That changed this month when the National Statistics Office of Afghanistan registered Tatar as a distinct ethnicity. The landmark move will allow Tatars to document their ethnicity on new biometric national identification cards.
The Turkic-speaking ethnic Tatars hope the distinction will help their efforts to gain official recognition under Afghanistan’s constitution and revive their mother tongue, which most members of the community in Afghanistan no longer speak.
Tatars trace their roots in Afghanistan back about 800 years after the region was conquered by Mongol emperor Genghis Khan.
Tatars are considered the modern-day descendants of nomads who joined the Golden Horde — a khanate of the Mongol Empire founded in the 13th century by Batu Khan, the grandson of Genghis Khan.
Today, the predominately Muslim Tatar community is spread across China, Central Asia, Eastern Europe, and Russia. The highest concentration of Tatars is found in Russia’s Republic of Tatarstan.
Separate Ethnicity
Afghanistan’s Constitution officially recognizes 14 ethnic groups. They include Pashtuns, Tajiks, Hazara, Uzbeks, Turkmens, Baloch, Pashayi, Nuristani, Aimaq, Kyrgyz, Qizilbash, Gujar, and Brahwui.
But there is no mention of Tatars, who are predominately Sunni Muslim. Sunnis account for some 85 percent of the Afghan population.

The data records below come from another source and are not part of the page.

Lemma expop_Omega_unique (f : nat -> C) (a : C) (xi : vec) :
  expop a (Aop f) Omega xi -> xi = coherent f a.
Proof.
  intros [u [Hu0 [HuS Hlim]]].
  assert (Hu : u = fun k => Nat.iter k (Afun f) Omega).
  { apply functional_extensionality. intros k. induction k as [|k IH]; [exact Hu0|].
    destruct (HuS k) as [_ [_ Hk]]. apply functional_extensionality. intros n.
    rewrite Hk, IH. reflexivity. }
  subst u. change (l2_lim (psum (exp_coef a) (fun k => Nat.iter k (Afun f) Omega)) xi) in Hlim.
  apply (l2_lim_unique_coord _ _ _ Hlim). intros n. exists (S n). intros K HK.
  rewrite psum_iter_Afun_Omega. unfold trunc.
  destruct (Nat.ltb_spec n (2 * K)); [reflexivity | lia].
Qed.

Section Decay.

Variables (f : nat -> C) (a : C) (Mf : Rbar).
Hypothesis hf : forall n : nat, (1 <= n)%nat -> 0 < Cmod (f (2 * n)%nat).
Hypothesis hM : is_lim_seq (fun n : nat => INR n / Cmod (f (2 * n)%nat)) Mf.
Hypothesis ha : Rbar_lt (Cmod a) Mf.

(* Eventually [|f(2k+2)| < (k+1)/t] with [|a| < r < t], so the weights decay like [(r/t)^k]. *)
Lemma weight_geom_bound :
  exists r q K, Cmod a < r /\ 0 < q < 1 /\ 0 <= K /\ forall k, weight f r k <= K * q ^ k.
Proof.
  destruct (is_lim_seq_eventually_gt _ _ _ hM ha) as [t [N [Ht HN]]].
  pose proof (Cmod_ge_0 a). set (r := (Cmod a + t) / 2). set (q := r / t).
  assert (Hr : Cmod a < r < t) by (unfold r; lra).
  assert (Hq : 0 < q < 1).
  { unfold q. split; [apply Rdiv_lt_0_compat; lra|].
    apply Rmult_lt_reg_r with t; [lra|]. field_simplify; lra. }
  destruct (geom_bound_of_eventual_ratio N (weight f r) q ltac:(lra)
              (fun k => weight_nonneg f r k ltac:(lra))) as [K [HK Hbound]].
  - intros k Hk. rewrite weight_succ. apply Rmult_le_compat_r; [apply weight_nonneg; lra|].
    specialize (HN (S k) ltac:(lia)). specialize (hf (S k) ltac:(lia)).
    replace (2 * S k)%nat with (2 * k + 2)%nat in HN, hf by lia.
    assert (HS : 0 < INR (S k)) by (apply lt_0_INR; lia).
    apply Rmult_lt_compat_r with (r := Cmod (f (2 * k + 2)%nat)) in HN; [|exact hf].
    unfold Rdiv in HN. rewrite Rmult_assoc, Rinv_l, Rmult_1_r in HN by lra.
    unfold q. apply Rmult_le_reg_r with (INR (S k) * t); [apply Rmult_lt_0_compat; lra|].
    replace (r * Cmod (f (2 * k + 2)%nat) / INR (S k) * (INR (S k) * t))
      with (r * (t * Cmod (f (2 * k + 2)%nat))) by (field; lra).
    replace (r / t * (INR (S k) * t)) with (r * INR (S k)) by (field; lra).
    apply Rmult_le_compat_l; lra.
  - exists r, q, K. repeat split; auto; lra.
Qed.

Lemma dominated_geom_decay (v : vec) : dominated f a v -> geom_decay v.
Proof.
  intros [Hodd Hbound].
  destruct weight_geom_bound as [r [q [K [Hr [Hq [HK Hweight]]]]]].
  destruct (Hbound r Hr) as [c Hc]. pose proof (weight_bound_nonneg f _ _ _ Hc) as Hc0.
  exists (c * K), (sqrt q). split; [apply Rmult_le_pos; lra|]. split.
  { split; [apply sqrt_pos|]. rewrite <- sqrt_1. apply sqrt_lt_1; lra. }
  assert (Hs : 0 <= sqrt q) by apply sqrt_pos.
  intros n. destruct (Nat.Even_or_Odd n) as [[k ->]|[k ->]].
  - rewrite pow_mult, pow2_sqrt by lra.
    apply Rle_trans with (c * weight f r k); [apply Hc|].
    rewrite Rmult_assoc. apply Rmult_le_compat_l; [exact Hc0 | apply Hweight].
  - rewrite Hodd, Cmod_0. apply Rmult_le_pos; [apply Rmult_le_pos; lra | apply pow_le; exact Hs].
Qed.

Lemma dominated_l2 (v : vec) : dominated f a v -> l2 v.
Proof. intros Hv. apply geom_decay_l2, dominated_geom_decay, Hv. Qed.

Lemma expop_Omega_coherent : expop a (Aop f) Omega (coherent f a).
Proof.
  assert (Hdom : forall k, dominated f a (Nat.iter k (Afun f) Omega)).
  { induction k as [|k IH]; [apply dominated_Omega | apply (dominated_Afun f a _ IH)]. }
  exists (fun k => Nat.iter k (Afun f) Omega). split; [reflexivity|]. split.
  - intros k. split; [|split]; [apply dominated_l2, Hdom | apply dominated_l2, (Hdom (S k)) |].
    intros n. reflexivity.
  - change (l2_lim (psum (exp_coef a) (fun k => Nat.iter k (Afun f) Omega)) (coherent f a)).
    replace (psum (exp_coef a) (fun k => Nat.iter k (Afun f) Omega))
      with (fun K => trunc (2 * K) (coherent f a))
      by (apply functional_extensionality; intros K; symmetry; apply psum_iter_Afun_Omega).
    apply l2_lim_trunc; [apply dominated_geom_decay, dominated_coherent | intros; lia].
Qed.

Lemma opow_iter_dominated (X : op) (F : vec -> vec) :
  (forall v, dominated f a v -> dominated f a (F v)) ->
  (forall v, l2 v -> l2 (F v) -> X v (F v)) ->
  forall k v, dominated f a v -> dominated f a (Nat.iter k F v) /\ opow X k v (Nat.iter k F v).
Proof.
  intros HF HX k. induction k as [|k IH]; intros v Hv.
  - split; [exact Hv|]. split; [apply dominated_l2, Hv | reflexivity].
  - destruct (IH v Hv) as [Hk Hop]. split; [apply HF, Hk|].
    exists (Nat.iter k F v). split; [exact Hop|].
    apply HX; apply dominated_l2; [exact Hk | apply HF, Hk].
Qed.

End Decay.

Section Annihilation.

Variables (f g : nat -> C) (beta : C).
Hypothesis hgf : forall k, (g (2 * k + 2)%nat * f (2 * k + 2)%nat)%C = (RtoC (INR (S k)) * beta)%C.

Lemma dominated_Bfun (a : C) (v : vec) : dominated f a v -> dominated f a (Bfun g v).
Proof.
  intros [Hodd Hbound]. split.
  - intros k. unfold Bfun. replace (2 * k + 1 + 2)%nat with (2 * S k + 1)%nat by lia.
    rewrite Hodd. apply Cmult_0_r.
  - intros r Hr. destruct (Hbound r Hr) as [c Hc].
    pose proof (weight_bound_nonneg f _ _ _ Hc) as Hc0.
    exists (c * r * Cmod beta). intros k. unfold Bfun.
    replace (2 * k + 2)%nat with (2 * S k)%nat by lia. rewrite Cmod_mult.
    apply Rle_trans with (Cmod (g (2 * S k)%nat) * (c * weight f r (S k))).
    { apply Rmult_le_compat_l; [apply Cmod_ge_0 | apply Hc]. }
    (* lowering then raising multiplies by [g(2k+2) f(2k+2) = (k+1) beta] *)
    assert (Hgf : Cmod (g (2 * S k)%nat) * Cmod (f (2 * k + 2)%nat) = INR (S k) * Cmod beta).
    { rewrite <- Cmod_mult. replace (2 * S k)%nat with (2 * k + 2)%nat by lia.
      rewrite hgf, Cmod_mult, Cmod_R, Rabs_pos_eq by apply pos_INR. reflexivity. }
    right. rewrite weight_succ.
    replace (Cmod (g (2 * S k)%nat)
             * (c * (r * Cmod (f (2 * k + 2)%nat) / INR (S k) * weight f r k)))
      with (c * r * (Cmod (g (2 * S k)%nat) * Cmod (f (2 * k + 2)%nat)) / INR (S k) * weight f r k)
      by (field; apply not_0_INR; lia).
    rewrite Hgf. field. apply not_0_INR. lia.
Qed.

Zabihullah Tatar, head of the Kabul-based Afghan Tatar Cultural Foundation, says there are various reasons why ethnic Tatars in Afghanistan have been largely forgotten over the centuries.
“We Afghan Tatars have forgotten our language because of geography and environmental influences,” he says, adding that ethnic Tatars adopted the languages spoken in the parts of Afghanistan where they settled.
That has included Pashto and Dari, the two main languages in the country, as well as Turkic languages like Uzbek and Turkmen.
Tatar also says members of the community are scattered across 16 of Afghanistan’s 34 provinces, with the highest concentration to the north of the Hindu Kush Mountains in the provinces of Samangan and Balkh.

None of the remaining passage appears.